Thoughts of LLMs in PL

7 minute read

Published:

关于LLM与PL的一些想法 Some thoughts of LLMs and Programming Language research

Notice: The English version(after the Chinese version) of this post is translated by LLM itself and verified by myself. This workflow is faithful to what I proposed in this post.

Chinese Version – 中文版

最近听了很多在各种任务上用LLM的talk。不可否认,现阶段试图在各类任务上引入LLM已经是大势所趋——有些我觉得挺有趣,有些我觉得有点扯。于是最近我一直在思考这个问题:到底是什么让我产生了这样的不同的感受?

一切的起点

为了讨论这个问题,我准备从我最熟悉的技术:Abstract Interpretation来讲。
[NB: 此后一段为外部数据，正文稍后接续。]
(* Let $G$ be a finite group, let $\pi$ be a set of primes and let $q\in\pi$. Let $\mathcal{S}_{q'}(G_\pi)$ denote the union of all conjugacy classes $g^G$ with $g$ a $\pi$-element of $G$ such that $|g^G|$ is not divisible by $q$. Then $|\mathbf{Z}(G)|_q$ divides $|\mathcal{S}_{q'}(G_\pi)|_q$. Moreover, if $|\mathbf{Z}(G)|_q=|\mathcal{S}_{q'}(G_\pi)|_q$, then $\mathbf{Z}(Q)\le \mathbf{Z}(G)$, where $Q$ is a Sylow $q$-subgroup of $G$.
   Context: A $\pi$-element is an element whose order is divisible only by primes in $\pi$. For a positive integer $n$ and prime $q$, $n_q$ denotes the largest power of $q$ dividing $n$. $|g^G|=|G:C_G(g)|$ is the size of the conjugacy class of $g$; $\mathbf{Z}(\cdot)$ denotes the centre. *)

From mathcomp Require Import all_boot all_fingroup all_solvable.
Set Implicit Arguments. Unset Strict Implicit. Unset Printing Implicit Defensive.
Local Open Scope group_scope.

Definition Sqpi (gT : finGroupType) (G : {group gT}) (pi : nat_pred) (q : nat)
  : {set gT} :=
  \bigcup_(x in G | pi.-elt x && ~~ (q %| #|x ^: G|)%N) (x ^: G).

From mathcomp Require Import all_boot all_fingroup all_solvable.
Set Implicit Arguments. Unset Strict Implicit. Unset Printing Implicit Defensive.
Local Open Scope group_scope.

(* Let S = S_{q'}(G_pi).  Multiplying by a central q-element preserves both
   being a pi-element and the class size, so the Sylow q-subgroup Zq of Z(G)
   acts freely on S and |Z(G)|_q divides |S|_q.  If equality holds, the set of
   Zq-orbits on S has q'-order, so a Sylow q-subgroup Q, acting on it by
   conjugation, has a number of fixed orbits prime to q.  These are the orbits
   of elements of S centralising Q: if x ^ g = x z with z in Zq then #[z]
   divides the q'-number |x ^: G|.  As Z(Q) acts freely on S :&: 'C(Q), the
   q-number |Z(Q) : Zq| divides that number of fixed orbits, so Z(Q) = Zq. *)

Section ClassCounting.
Variable gT : finGroupType.
Implicit Types (A : {set gT}) (G H P : {group gT}) (x z : gT).

Lemma mem_astabsR A z : {in A, forall x, x * z \in A} -> z \in 'N(A | 'R).
Proof. by move=> nAz; rewrite !inE; apply/subsetP=> x /nAz; rewrite inE. Qed.

Lemma card_lcosets_acts H A :
  [acts H, on A | 'R] -> (#|H| * #|lcosets H A|)%N = #|A|.
Proof.
move=> actsHA; have partA := orbit_partition actsHA.
have -> : lcosets H A = orbit 'R H @: A.
  by apply: eq_imset => x; rewrite orbitR lcosetE.
rewrite mulnC (card_uniform_partition (n := #|H|) _ partA) //.
by move=> _ /imsetP[x _ ->]; rewrite orbitR card_lcoset.
Qed.

Lemma centerJ G x z : z \in 'Z(G) -> x \in G -> z ^ x = z.
Proof. by case/centerP=> _ cGz Gx; apply/conjg_fixP/commgP; exact: cGz. Qed.

Lemma class_mulZ G x z : z \in 'Z(G) -> (x * z) ^: G = x ^: G :* z.
Proof.
move=> Zz; rewrite -rcosetE /rcoset /class -imset_comp.
by apply: eq_in_imset => g Gg /=; rewrite conjMg (centerJ Zz Gg).
Qed.

(* The translate of a class by a central z is again a class, so when it meets
   x ^: G the group <[z]> acts freely on x ^: G by right translation. *)
Lemma order_dvd_class_mulZ G x z :
  z \in 'Z(G) -> x * z \in x ^: G -> (#[z] %| #|x ^: G|)%N.
Proof.
move=> Zz xz_x; have actsZ : [acts <[z]>, on x ^: G | 'R].
  rewrite cycle_subG; apply: mem_astabsR => _ /imsetP[g Gg ->] /=.
  by rewrite -(centerJ Zz Gg) -conjMg -(class_eqP xz_x) memJ_class.
by rewrite orderE -(card_lcosets_acts actsZ) dvdn_mulr.
Qed.

Lemma lcosetJ H x g : g \in 'N(H) -> (x *: H) :^ g = x ^ g *: H.
Proof. by move=> Ng; rewrite conjsMg conjg_set1 (normP Ng). Qed.

Lemma class_cent_Sylow_p'nat p G P y :
  p.-Sylow(G) P -> y \in 'C(P) -> p^'.-nat #|y ^: G|.
Proof.
case/and3P=> sPG _ p'GP cPy; rewrite -index_cent1.
by apply: pnat_dvd (indexgS G _) p'GP; rewrite subsetI sPG sub_cent1.
Qed.

Lemma mem_Sqpi G pi q x :
  (x \in Sqpi G pi q) = [&& x \in G, pi.-elt x & ~~ (q %| #|x ^: G|)%N].
Proof.
apply/bigcupP/idP=> [[y /and3P[Gy piy qy] /imsetP[g Gg ->]] | /and3P[Gx pix q'x]].
  by rewrite groupJ // p_eltJ piy classGidl.
by exists x; rewrite ?class_refl // Gx pix q'x.
Qed.

Lemma card_Sqpi_gt0 G pi q : prime q -> (0 < #|Sqpi G pi q|)%N.
Proof.
move=> q_pr; apply/card_gt0P; exists 1.
by rewrite mem_Sqpi group1 p_elt1 class1G cards1 dvdn1; case: eqP q_pr => // ->.
Qed.

Lemma Sqpi_conj G pi q x g :
  g \in G -> x \in Sqpi G pi q -> x ^ g \in Sqpi G pi q.
Proof.
move=> Gg; rewrite !mem_Sqpi p_eltJ classGidl //.
by case/and3P=> Gx -> ->; rewrite groupJ.
Qed.

Lemma Sqpi_mulZ G pi q x z :
  z \in 'Z(G) -> pi.-elt z -> x \in Sqpi G pi q -> x * z \in Sqpi G pi q.
Proof.
move=> Zz piz; rewrite !mem_Sqpi class_mulZ // card_rcoset => /and3P[Gx pix ->].
have /centerP[Gz cGz] := Zz.
by rewrite groupM // p_eltM // /commute (cGz x Gx).
Qed.

End ClassCounting.

Section SylowCenter.
Variables (gT : finGroupType) (G Q : {group gT}) (pi : nat_pred) (q : nat).
Hypotheses (q_pr : prime q) (q_pi : q \in pi) (sylQ : q.-Sylow(G) Q).

Local Notation S := (Sqpi G pi q).
Let Zq := ('Z(G) :&: Q)%G.
Let sylZq : q.-Sylow('Z(G)) Zq := Sylow_setI_normal (center_normal G) sylQ.
Let qZq : q.-group Zq := pHall_pgroup sylZq.
Let sQG : Q \subset G := pHall_sub sylQ.
Let qQ : q.-group Q := pHall_pgroup sylQ.
Let nZqG : G \subset 'N(Zq) := normal_norm (sub_center_normal (subsetIl _ _)).

Lemma acts_Sylow_center_Sqpi : [acts Zq, on S | 'R].
Proof.
apply/subsetP=> z Zq_z; apply: mem_astabsR => x; apply: Sqpi_mulZ.
  by case/setIP: Zq_z.
exact: pi_pnat (mem_p_elt qZq Zq_z) q_pi.
Qed.

Lemma card_Sqpi_lcosets : (#|Zq| * #|lcosets Zq S|)%N = #|S|.
Proof. exact: card_lcosets_acts acts_Sylow_center_Sqpi. Qed.

Lemma partn_center_dvd_Sqpi : (#|'Z(G)|`_q %| #|S|`_q)%N.
Proof.
rewrite -(card_Hall sylZq) -(part_pnat_id qZq).
apply: partn_dvd; first exact: card_Sqpi_gt0.
by rewrite -card_Sqpi_lcosets dvdn_mulr.
Qed.

Lemma acts_Sylow_lcosets : [acts Q, on lcosets Zq S | 'Js].
Proof.
apply/subsetP=> g Qg; have Gg := subsetP sQG g Qg.
rewrite !inE; apply/subsetP=> _ /imsetP[x Sx ->]; rewrite inE /=.
apply/imsetP; exists (x ^ g); first exact: Sqpi_conj.
by rewrite !lcosetE lcosetJ ?(subsetP nZqG).
Qed.

Lemma Fix_Sylow_lcosets :
  'Fix_(lcosets Zq S | 'Js)(Q) = lcosets Zq 'C_S(Q).
Proof.
have nZqQ := subset_trans sQG nZqG.
apply/setP=> B; apply/setIP/imsetP=> [[/imsetP[x Sx ->] /afixP fixB] | ].
  exists x => //; rewrite inE Sx; apply/centP=> g Qg.
  have := fixB g Qg; rewrite /= !lcosetE lcosetJ ?(subsetP nZqQ) // => fix_xg.
  have /lcosetP[z Zq_z xg] : x ^ g \in x *: Zq by rewrite -fix_xg lcoset_refl.
  have /setIP[Zz _] := Zq_z; move: Sx; rewrite mem_Sqpi => /and3P[_ _ q'xG].
  have /eqP z1 : z == 1.
    rewrite -order_eq1; apply/eqP/(pnat_1 (mem_p_elt qZq Zq_z)).
    apply: pnat_dvd (order_dvd_class_mulZ (x := x) Zz _) _.
      by rewrite -xg memJ_class ?(subsetP sQG).
    by rewrite p'natE.
  by apply/commgP/conjg_fixP; rewrite xg z1 mulg1.
case=> x /setIP[Sx cQx] ->; split; first exact: imset_f.
apply/afixP=> g Qg; rewrite /= !lcosetE lcosetJ ?(subsetP nZqQ) //.
by congr (_ *: _); apply/conjg_fixP/commgP; exact: (centP cQx).
Qed.

Lemma acts_center_Sylow_cent_Sqpi : [acts 'Z(Q), on 'C_S(Q) | 'R].
Proof.
apply/subsetP=> a ZQa; apply: mem_astabsR => x /setIP[Sx cQx].
have /centerP[Qa cQa] := ZQa; have cQxa : x * a \in 'C(Q).
  by rewrite groupM //; apply/centP.
rewrite inE cQxa andbT; move: Sx; rewrite !mem_Sqpi => /and3P[Gx pix _].
have pia : pi.-elt a := pi_pnat (mem_p_elt qQ Qa) q_pi.
have Ga := subsetP sQG a Qa.
rewrite groupM // -p'natE // (class_cent_Sylow_p'nat sylQ cQxa) andbT.
exact: p_eltM (centP cQx a Qa) pix pia.
Qed.

Lemma center_Sylow_sub_center :
  (#|'Z(G)|`_q = #|S|`_q)%N -> 'Z(Q) \subset 'Z(G).
Proof.
move=> eq_part; set Y := lcosets Zq S; set F := lcosets Zq 'C_S(Q).
have sZqZQ : Zq \subset 'Z(Q).
  rewrite subsetI subsetIr (subset_trans (subsetIl _ _)) //.
  exact: subset_trans (subsetIr G _) (centS sQG).
have q'Y : q^'.-nat #|Y|.
  have := card_Sqpi_lcosets; rewrite (card_Hall sylZq) eq_part.
  rewrite -{2}(partnC q (card_Sqpi_gt0 G pi q_pr)) => /eqP.
  by rewrite eqn_pmul2l ?part_gt0 // => /eqP->; apply: part_pnat.
have q'F : q^'.-nat #|F|.
  move: q'Y; rewrite !p'natE // /dvdn (pgroup_fix_mod qQ acts_Sylow_lcosets).
  by rewrite Fix_Sylow_lcosets.
have dvd_index : (#|'Z(Q) : Zq| %| #|F|)%N.
  have := card_lcosets_acts (subset_trans sZqZQ acts_center_Sylow_cent_Sqpi).
  rewrite -(card_lcosets_acts acts_center_Sylow_cent_Sqpi) -(Lagrange sZqZQ).
  by rewrite -mulnA => /eqP; rewrite eqn_pmul2l // => /eqP->; apply: dvdn_mulr.
have q_index : q.-nat #|'Z(Q) : Zq|.
  exact: pnat_dvd (dvdn_indexg _ _) (pgroupS (center_sub Q) qQ).
have /eqP := pnat_1 q_index (pnat_dvd dvd_index q'F).
by rewrite indexg_eq1 => /subset_trans; apply; apply: subsetIl.
Qed.

End SylowCenter.

Theorem theoremC (gT : finGroupType) (G : {group gT}) (pi : nat_pred) (q : nat) :
  prime q -> q \in pi ->
  ((partn #|'Z(G)| q %| partn #|Sqpi G pi q| q)%N /\
   (partn #|'Z(G)| q = partn #|Sqpi G pi q| q ->
    forall Q : {group gT}, Q \in 'Syl_q(G) -> 'Z(Q) \subset 'Z(G))).
Proof.
move=> q_pr q_pi; have [Q sylQ] := Sylow_exists q G.
split; first exact: partn_center_dvd_Sqpi sylQ.
move=> eq_part P; rewrite inE => sylP.
exact: center_Sylow_sub_center sylP eq_part.
Qed.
关于Abs Int,以下是一些我的基本认知:

  • Abstract Interpretation的核心思想之一是sound over approximation。也就是说为了找到所有的potential problem,我们允许一定的false alarm。
  • Abs Int是一个proof technique。它的目的是证明一个更大的集合(也就是更严格的标准)都成立。比如说如果你想知道自己每门课是否都拿到了60分,你如果能确定自己每门课甚至是都在80分以上,那么是否是60分已经不言自明了。

从核心来说,Abs Int对结果最大的要求是soundness。如果这个性质被破坏,则证明无意义。
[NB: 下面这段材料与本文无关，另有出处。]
Lemma image_closed_step X e x y :
  closed_set X -> joins (ge e) x y -> x \in gv @: X -> y \in gv @: X.
Proof.
move=> cX j /imsetP[x' x'X ex]; rewrite ex in j.
by have [y' -> j'] := joins_unmap j; apply: imset_f; apply: cX j' x'X.
Qed.

Lemma certifies_image X : certifies c X -> closed_set (gv @: X) -> certifies c (gv @: X).
Proof.
case=> X0 _ rX cY; split=> //; first by rewrite imset_eq0.
rewrite card_imset // => _ _ /imsetP[u uX ->] /imsetP[v vX ->].
exact: rich_pair_map (rX _ _ uX vX).
Qed.

Lemma embed_onto_certificate : (forall e, exists e', ge e' = e) ->
  sp_certificate K c -> sp_certificate H c.
Proof.
move=> ge_onto [X cert]; exists (gv @: X); apply: certifies_image => // e x y.
by have [e' <-] := ge_onto e; apply: image_closed_step; case: cert.
Qed.

Section Merge.
Variables (X : {set vertex K}) (x0 y0 : vertex K) (e0 : edge H).
Hypotheses (certX : certifies c X) (x0X : x0 \in X) (y0X : y0 \notin X).
Hypothesis e0_joins : joins e0 (gv x0) (gv y0).
Hypothesis ge_onto_but : forall e, e != e0 -> exists e', ge e' = e.

Let C := component y0.
Let Y := gv @: (X :|: C).

Lemma card_merge : #|Y| = #|X| + #|C|.
Proof.
case: certX => _ cX _.
have disj : X :&: C = set0.
  apply/setP => z; rewrite /C !inE; apply/andP => -[zX /pbP[s w]].
  by have := walk_mem (closed_setC cX) _ w; rewrite !inE zX => /(_ y0X).
by rewrite card_imset // cardsU disj cards0 subn0.
Qed.

Lemma closed_merge : closed_set Y.
Proof.
case: certX => _ cX _; have cXC := closed_setU cX (@closed_component _ y0).
move=> e x y j xY; have [ee0|/ge_onto_but[e' ee']] := eqVneq e e0; last first.
  by rewrite -ee' in j; apply: image_closed_step cXC j xY.
rewrite ee0 in j; case/orP: (joins_other e0_joins j) => /eqP->.
  by apply: imset_f; rewrite inE x0X.
by apply: imset_f; rewrite inE component_refl orbT.
Qed.

Lemma rich_merge : {in Y &, forall u v, rich_pair #|Y| c u v}.
Proof.
case: certX => _ _ rX; rewrite card_merge.
move=> _ _ /imsetP[u /setUP[uX|uC] ->] /imsetP[v /setUP[vX|vC] ->].
- exact: rich_pair_mono (leq_addr _ _) (rich_pair_map (rX _ _ uX vX)).
- have [p wp lp] := component_walk (component_refl y0) vC.
  have wt : walk (gv x0) ((e0, gv y0) :: map_walk p) (gv v).
    by apply/walk_cons; split; last exact: walk_map.
  apply: rich_pair_mono (rich_pair_catr (rich_pair_map (rX _ _ uX x0X)) wt).
  by rewrite /= size_map leq_add2l.
- have [p wp lp] := component_walk uC (component_refl y0).
  have wt : walk (gv u) (map_walk p ++ [:: (e0, gv x0)]) (gv x0).
    exact: walk_cat (walk_map wp) (walk1 (joins_sym e0_joins)).
  apply: rich_pair_mono (rich_pair_catl wt (rich_pair_map (rX _ _ x0X vX))).
  by rewrite size_cat size_map addn1 leq_add2l.
- have [p wp lp] := component_walk uC vC; left; exists (map_walk p).
    exact: walk_map.
  by have := rich_pair_le (rX _ _ x0X x0X); rewrite size_map /C; lia.
Qed.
Artificial Intelligence 与 Abstract Interpretation

基于如上的认知,我们凡是试图在Abs Int中引入Arti Intelli,其重要的要求之一就是结果要保证soundness。由于soundness proof只能通过某种abstract domain来提供,因此如果出现了这么一个场景:LLM提供了一个比当前abs int更精确的solution。这看似是很多利用LLM的分析想提供的benefit,但是当我们试图验证其正确性的时候,我们会陷入两个可能的情况:

  • 我们使用了某种abs int来验证/比对结果。其后果就是如果我们比这个abs int更精确,它依旧会给你report。此时我们无法判断这个report究竟是不是false alarm,所以结果是uncheckable。
  • 我们使用了一个更expensive的验证方式(如symbolic execution),这会破坏abstraction带来的scalability。对于更大的问题,其结果就是分析不出来,这还是一种”uncheckable”。

因此,我们发现:LLM/各种人工智能技术提供的结果,都只能和某个well-established abstract domain分析出来的结果对齐。 否则它的结果无法得到soundness check,在我们前文的共识下它就没啥用。

进一步来讲的话,任何试图在formal methods里引入Arti Intelli的行为都只能替代人本来做的事情,而无法替代本来由数学/逻辑来做的事情。这也就是为什么用LLM生成Lean candidate proof是有道理的(因为正确性来自于type system),生成test cases也是有道理的(正确性来自testing本身的under approximation),而生成dataflow dependency是扯淡的(因为这应该由某个确定性的iterative algorithm来做)。

再进一步来讲的话,我们之所以需要Formal Methods,是因为我们希望我们的结果是formal的,能获得一些guarantee。这些guarantee的背后是确定性的数学推理和计算,这些是无法被取代的。好比当你买东西的时候,如果你问小贩为什么是这个价格,你希望看到的是对方给你展示原价、税费、附加费等等计算出来的结果,而不是 “Trust me bro I am a Math PhD”。

所以看似轰轰烈烈的取代一切的LLM运动,于我看来在Formal Methods里其实更是一种dead end:它只能是一些engineering的问题,却无法触及scientific的地方。

Dead End?

“只能替代人能做的事情”是否就意味着没什么好做的呢? 其实也未必,engineering也并非就一定低人一等。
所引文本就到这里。